## WHAT YOU ARE ASKED TO DO
Print, from the listing below, the lines starting at the line containing "Definition iid (R" and ending at the line containing "Omega) : Prog", exactly as they stand, and print nothing else.

## SUPPLIED MATERIAL

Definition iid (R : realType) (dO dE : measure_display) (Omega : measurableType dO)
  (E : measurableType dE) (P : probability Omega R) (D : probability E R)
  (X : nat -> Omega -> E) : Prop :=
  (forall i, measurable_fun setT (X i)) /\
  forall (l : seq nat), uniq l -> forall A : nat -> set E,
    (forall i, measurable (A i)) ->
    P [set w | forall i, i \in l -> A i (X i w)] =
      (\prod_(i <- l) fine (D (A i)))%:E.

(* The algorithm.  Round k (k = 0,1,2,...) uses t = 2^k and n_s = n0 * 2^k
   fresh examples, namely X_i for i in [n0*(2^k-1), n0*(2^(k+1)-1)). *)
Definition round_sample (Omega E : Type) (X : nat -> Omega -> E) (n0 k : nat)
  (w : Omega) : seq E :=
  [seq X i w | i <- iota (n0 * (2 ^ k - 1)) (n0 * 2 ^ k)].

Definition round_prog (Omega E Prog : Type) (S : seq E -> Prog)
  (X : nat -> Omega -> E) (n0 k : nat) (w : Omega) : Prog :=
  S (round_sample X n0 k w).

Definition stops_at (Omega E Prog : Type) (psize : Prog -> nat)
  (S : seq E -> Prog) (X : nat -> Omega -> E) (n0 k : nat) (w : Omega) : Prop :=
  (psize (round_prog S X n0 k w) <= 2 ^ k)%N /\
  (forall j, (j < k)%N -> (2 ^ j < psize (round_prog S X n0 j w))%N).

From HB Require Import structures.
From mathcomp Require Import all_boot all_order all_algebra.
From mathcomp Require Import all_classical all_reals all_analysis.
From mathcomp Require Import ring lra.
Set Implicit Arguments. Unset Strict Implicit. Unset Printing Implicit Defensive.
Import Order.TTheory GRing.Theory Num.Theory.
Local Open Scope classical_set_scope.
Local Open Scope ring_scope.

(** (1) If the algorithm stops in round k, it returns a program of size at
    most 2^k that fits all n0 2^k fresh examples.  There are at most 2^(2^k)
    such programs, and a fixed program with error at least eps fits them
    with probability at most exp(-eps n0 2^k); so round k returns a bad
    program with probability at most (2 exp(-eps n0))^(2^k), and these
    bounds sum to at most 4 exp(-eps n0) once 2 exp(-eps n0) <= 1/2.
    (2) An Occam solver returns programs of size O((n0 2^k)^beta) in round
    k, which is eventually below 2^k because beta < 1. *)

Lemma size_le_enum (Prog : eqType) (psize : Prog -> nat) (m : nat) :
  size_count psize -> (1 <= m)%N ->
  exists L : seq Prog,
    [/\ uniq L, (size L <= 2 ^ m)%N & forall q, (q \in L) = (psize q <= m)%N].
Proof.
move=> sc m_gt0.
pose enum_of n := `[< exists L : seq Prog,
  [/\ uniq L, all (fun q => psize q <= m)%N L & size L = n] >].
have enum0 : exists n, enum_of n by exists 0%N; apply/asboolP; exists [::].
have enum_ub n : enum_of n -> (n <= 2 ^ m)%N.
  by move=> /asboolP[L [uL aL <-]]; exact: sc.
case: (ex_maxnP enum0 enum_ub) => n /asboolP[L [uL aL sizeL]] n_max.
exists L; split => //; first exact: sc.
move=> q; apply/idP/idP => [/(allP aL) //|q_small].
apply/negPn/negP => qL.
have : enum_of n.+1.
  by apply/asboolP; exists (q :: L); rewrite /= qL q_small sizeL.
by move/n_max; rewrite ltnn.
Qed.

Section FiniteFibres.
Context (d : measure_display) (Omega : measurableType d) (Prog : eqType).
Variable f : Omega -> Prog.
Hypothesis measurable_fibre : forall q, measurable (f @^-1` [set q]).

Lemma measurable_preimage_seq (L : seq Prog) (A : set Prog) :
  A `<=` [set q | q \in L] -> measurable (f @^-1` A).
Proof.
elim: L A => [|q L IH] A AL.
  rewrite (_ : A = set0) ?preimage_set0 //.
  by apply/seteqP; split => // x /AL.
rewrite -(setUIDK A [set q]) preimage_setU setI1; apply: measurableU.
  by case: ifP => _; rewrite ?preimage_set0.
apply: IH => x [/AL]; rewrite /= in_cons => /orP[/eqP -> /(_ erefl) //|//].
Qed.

==

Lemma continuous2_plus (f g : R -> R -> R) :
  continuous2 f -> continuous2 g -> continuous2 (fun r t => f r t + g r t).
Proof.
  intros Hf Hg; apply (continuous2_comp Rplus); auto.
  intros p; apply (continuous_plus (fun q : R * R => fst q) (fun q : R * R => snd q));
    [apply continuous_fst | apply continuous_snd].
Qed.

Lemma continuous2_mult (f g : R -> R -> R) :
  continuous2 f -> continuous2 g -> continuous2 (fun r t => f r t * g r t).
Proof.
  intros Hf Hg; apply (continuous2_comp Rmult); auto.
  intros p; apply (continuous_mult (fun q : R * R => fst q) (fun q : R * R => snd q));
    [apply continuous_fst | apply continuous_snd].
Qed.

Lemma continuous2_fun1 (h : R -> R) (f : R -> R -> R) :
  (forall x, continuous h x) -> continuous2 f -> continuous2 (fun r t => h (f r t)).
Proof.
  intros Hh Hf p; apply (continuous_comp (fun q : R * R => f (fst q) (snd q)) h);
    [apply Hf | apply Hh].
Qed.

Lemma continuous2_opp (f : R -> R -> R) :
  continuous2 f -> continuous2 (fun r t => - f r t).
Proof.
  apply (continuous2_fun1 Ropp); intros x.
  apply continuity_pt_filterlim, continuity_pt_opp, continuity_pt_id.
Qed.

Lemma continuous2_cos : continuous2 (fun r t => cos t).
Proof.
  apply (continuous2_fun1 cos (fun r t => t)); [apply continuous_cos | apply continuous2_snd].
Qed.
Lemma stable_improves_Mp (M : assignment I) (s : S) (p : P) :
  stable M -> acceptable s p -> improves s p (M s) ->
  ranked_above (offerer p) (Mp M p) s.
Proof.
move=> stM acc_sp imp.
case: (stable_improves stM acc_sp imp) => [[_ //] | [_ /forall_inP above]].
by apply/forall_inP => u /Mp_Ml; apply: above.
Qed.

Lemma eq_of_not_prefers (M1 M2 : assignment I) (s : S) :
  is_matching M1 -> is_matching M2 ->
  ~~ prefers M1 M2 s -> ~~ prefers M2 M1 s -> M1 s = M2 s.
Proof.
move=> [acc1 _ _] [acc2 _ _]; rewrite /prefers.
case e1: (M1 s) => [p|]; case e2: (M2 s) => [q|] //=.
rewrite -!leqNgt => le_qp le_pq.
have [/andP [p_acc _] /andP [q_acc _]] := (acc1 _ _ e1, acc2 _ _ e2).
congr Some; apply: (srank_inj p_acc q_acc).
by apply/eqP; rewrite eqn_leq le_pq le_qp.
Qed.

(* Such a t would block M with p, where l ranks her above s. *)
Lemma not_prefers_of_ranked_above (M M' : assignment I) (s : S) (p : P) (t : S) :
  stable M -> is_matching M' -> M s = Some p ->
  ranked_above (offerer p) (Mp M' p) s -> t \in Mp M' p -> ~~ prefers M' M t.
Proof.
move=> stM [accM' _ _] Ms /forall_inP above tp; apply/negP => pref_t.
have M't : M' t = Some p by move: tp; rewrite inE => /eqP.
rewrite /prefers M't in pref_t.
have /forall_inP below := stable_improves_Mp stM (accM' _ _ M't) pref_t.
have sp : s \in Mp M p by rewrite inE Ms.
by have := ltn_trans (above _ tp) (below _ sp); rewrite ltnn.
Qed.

* * *

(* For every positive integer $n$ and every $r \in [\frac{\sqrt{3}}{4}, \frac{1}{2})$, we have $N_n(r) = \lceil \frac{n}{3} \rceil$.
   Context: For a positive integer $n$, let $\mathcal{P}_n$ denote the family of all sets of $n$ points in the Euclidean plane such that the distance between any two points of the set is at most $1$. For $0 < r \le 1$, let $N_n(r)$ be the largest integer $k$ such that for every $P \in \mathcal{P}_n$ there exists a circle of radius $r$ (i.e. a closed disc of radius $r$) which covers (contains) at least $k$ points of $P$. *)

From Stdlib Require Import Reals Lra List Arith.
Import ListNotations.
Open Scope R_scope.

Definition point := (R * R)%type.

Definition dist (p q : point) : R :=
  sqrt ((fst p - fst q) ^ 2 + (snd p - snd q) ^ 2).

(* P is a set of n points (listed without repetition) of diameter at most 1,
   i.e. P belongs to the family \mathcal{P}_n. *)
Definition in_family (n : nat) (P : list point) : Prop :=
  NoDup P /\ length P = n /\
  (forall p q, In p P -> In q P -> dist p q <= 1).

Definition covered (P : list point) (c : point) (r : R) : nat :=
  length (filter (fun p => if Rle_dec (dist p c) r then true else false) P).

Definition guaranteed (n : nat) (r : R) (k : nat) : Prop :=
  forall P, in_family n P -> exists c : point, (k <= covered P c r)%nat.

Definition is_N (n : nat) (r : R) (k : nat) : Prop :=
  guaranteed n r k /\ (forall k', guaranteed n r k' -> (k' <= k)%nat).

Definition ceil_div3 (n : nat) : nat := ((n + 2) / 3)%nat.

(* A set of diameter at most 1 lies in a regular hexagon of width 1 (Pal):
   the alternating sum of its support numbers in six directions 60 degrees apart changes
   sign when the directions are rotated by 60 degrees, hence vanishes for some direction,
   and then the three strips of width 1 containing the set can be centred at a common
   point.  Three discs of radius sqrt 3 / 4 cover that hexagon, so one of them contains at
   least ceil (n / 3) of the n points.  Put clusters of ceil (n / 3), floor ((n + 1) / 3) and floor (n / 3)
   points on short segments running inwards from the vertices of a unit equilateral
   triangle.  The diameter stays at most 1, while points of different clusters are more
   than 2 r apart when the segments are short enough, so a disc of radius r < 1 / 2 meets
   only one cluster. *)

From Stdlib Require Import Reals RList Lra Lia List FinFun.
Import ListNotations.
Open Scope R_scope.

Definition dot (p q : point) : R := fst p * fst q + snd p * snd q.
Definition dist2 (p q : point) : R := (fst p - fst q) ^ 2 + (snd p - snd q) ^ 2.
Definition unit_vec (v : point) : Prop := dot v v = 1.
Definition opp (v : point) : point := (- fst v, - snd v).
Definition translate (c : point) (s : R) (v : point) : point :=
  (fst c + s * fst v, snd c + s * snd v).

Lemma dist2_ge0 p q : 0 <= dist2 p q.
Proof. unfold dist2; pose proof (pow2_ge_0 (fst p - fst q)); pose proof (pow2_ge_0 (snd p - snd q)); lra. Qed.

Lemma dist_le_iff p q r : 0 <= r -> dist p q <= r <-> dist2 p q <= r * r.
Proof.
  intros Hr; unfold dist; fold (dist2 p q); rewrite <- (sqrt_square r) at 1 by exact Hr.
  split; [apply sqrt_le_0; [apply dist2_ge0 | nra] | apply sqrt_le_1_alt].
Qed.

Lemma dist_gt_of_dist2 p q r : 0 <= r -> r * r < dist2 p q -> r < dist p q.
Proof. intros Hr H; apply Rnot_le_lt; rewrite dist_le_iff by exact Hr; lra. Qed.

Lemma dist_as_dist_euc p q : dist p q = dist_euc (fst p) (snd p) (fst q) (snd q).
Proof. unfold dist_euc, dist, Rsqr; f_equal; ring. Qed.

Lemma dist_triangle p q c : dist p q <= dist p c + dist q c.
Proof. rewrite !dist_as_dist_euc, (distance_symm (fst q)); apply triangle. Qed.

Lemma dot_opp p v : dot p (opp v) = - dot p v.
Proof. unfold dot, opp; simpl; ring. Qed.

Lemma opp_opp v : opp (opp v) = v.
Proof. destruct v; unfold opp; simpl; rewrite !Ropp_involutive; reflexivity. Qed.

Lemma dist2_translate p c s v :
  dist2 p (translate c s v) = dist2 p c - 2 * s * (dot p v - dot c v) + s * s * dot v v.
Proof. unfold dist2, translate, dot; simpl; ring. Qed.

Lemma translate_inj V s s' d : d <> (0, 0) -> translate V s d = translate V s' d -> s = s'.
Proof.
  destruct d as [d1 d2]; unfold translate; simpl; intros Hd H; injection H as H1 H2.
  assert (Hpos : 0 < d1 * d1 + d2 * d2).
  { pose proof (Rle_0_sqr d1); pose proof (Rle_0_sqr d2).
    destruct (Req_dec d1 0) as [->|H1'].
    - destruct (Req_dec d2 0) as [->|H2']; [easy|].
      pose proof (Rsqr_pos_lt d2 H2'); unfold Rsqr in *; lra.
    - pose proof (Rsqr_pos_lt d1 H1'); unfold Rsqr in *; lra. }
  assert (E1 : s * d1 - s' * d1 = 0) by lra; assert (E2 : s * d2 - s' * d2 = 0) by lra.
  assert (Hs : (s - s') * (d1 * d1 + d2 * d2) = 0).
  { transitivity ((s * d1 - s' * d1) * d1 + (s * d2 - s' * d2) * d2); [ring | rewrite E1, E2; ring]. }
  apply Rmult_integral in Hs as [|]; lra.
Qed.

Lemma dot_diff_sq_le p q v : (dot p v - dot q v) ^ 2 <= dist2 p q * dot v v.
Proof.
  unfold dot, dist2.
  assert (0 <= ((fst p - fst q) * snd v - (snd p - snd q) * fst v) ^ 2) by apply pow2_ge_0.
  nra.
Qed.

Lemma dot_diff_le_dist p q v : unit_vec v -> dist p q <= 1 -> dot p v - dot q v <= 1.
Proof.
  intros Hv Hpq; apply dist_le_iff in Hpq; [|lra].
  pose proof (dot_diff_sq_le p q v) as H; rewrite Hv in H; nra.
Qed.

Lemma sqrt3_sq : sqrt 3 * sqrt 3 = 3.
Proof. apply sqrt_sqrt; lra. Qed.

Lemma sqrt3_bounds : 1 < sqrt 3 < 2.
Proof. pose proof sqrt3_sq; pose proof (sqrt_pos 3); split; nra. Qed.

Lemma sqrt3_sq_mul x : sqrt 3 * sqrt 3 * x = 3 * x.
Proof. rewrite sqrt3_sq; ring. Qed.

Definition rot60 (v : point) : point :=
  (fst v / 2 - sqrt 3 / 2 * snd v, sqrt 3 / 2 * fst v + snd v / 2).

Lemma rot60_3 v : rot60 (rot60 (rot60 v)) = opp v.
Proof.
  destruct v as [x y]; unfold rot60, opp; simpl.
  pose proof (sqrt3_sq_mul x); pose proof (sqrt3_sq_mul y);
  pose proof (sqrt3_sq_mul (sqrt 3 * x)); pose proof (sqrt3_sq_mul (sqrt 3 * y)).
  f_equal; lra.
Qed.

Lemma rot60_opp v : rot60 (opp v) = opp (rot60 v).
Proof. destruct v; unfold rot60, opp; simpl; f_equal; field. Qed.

## EXERCISE RESPONSE
Definition iid (R : realType) (dO dE : measure_display) (Omega : measurableType dO)
  (E : measurableType dE) (P : probability Omega R) (D : probability E R)
  (X : nat -> Omega -> E) : Prop :=
  (forall i, measurable_fun setT (X i)) /\
  forall (l : seq nat), uniq l -> forall A : nat -> set E,
    (forall i, measurable (A i)) ->
    P [set w | forall i, i \in l -> A i (X i w)] =
      (\prod_(i <- l) fine (D (A i)))%:E.

(* The algorithm.  Round k (k = 0,1,2,...) uses t = 2^k and n_s = n0 * 2^k
   fresh examples, namely X_i for i in [n0*(2^k-1), n0*(2^(k+1)-1)). *)
Definition round_sample (Omega E : Type) (X : nat -> Omega -> E) (n0 k : nat)
  (w : Omega) : seq E :=
  [seq X i w | i <- iota (n0 * (2 ^ k - 1)) (n0 * 2 ^ k)].

Definition round_prog (Omega E Prog : Type) (S : seq E -> Prog)
  (X : nat -> Omega -> E) (n0 k : nat) (w : Omega) : Prog :=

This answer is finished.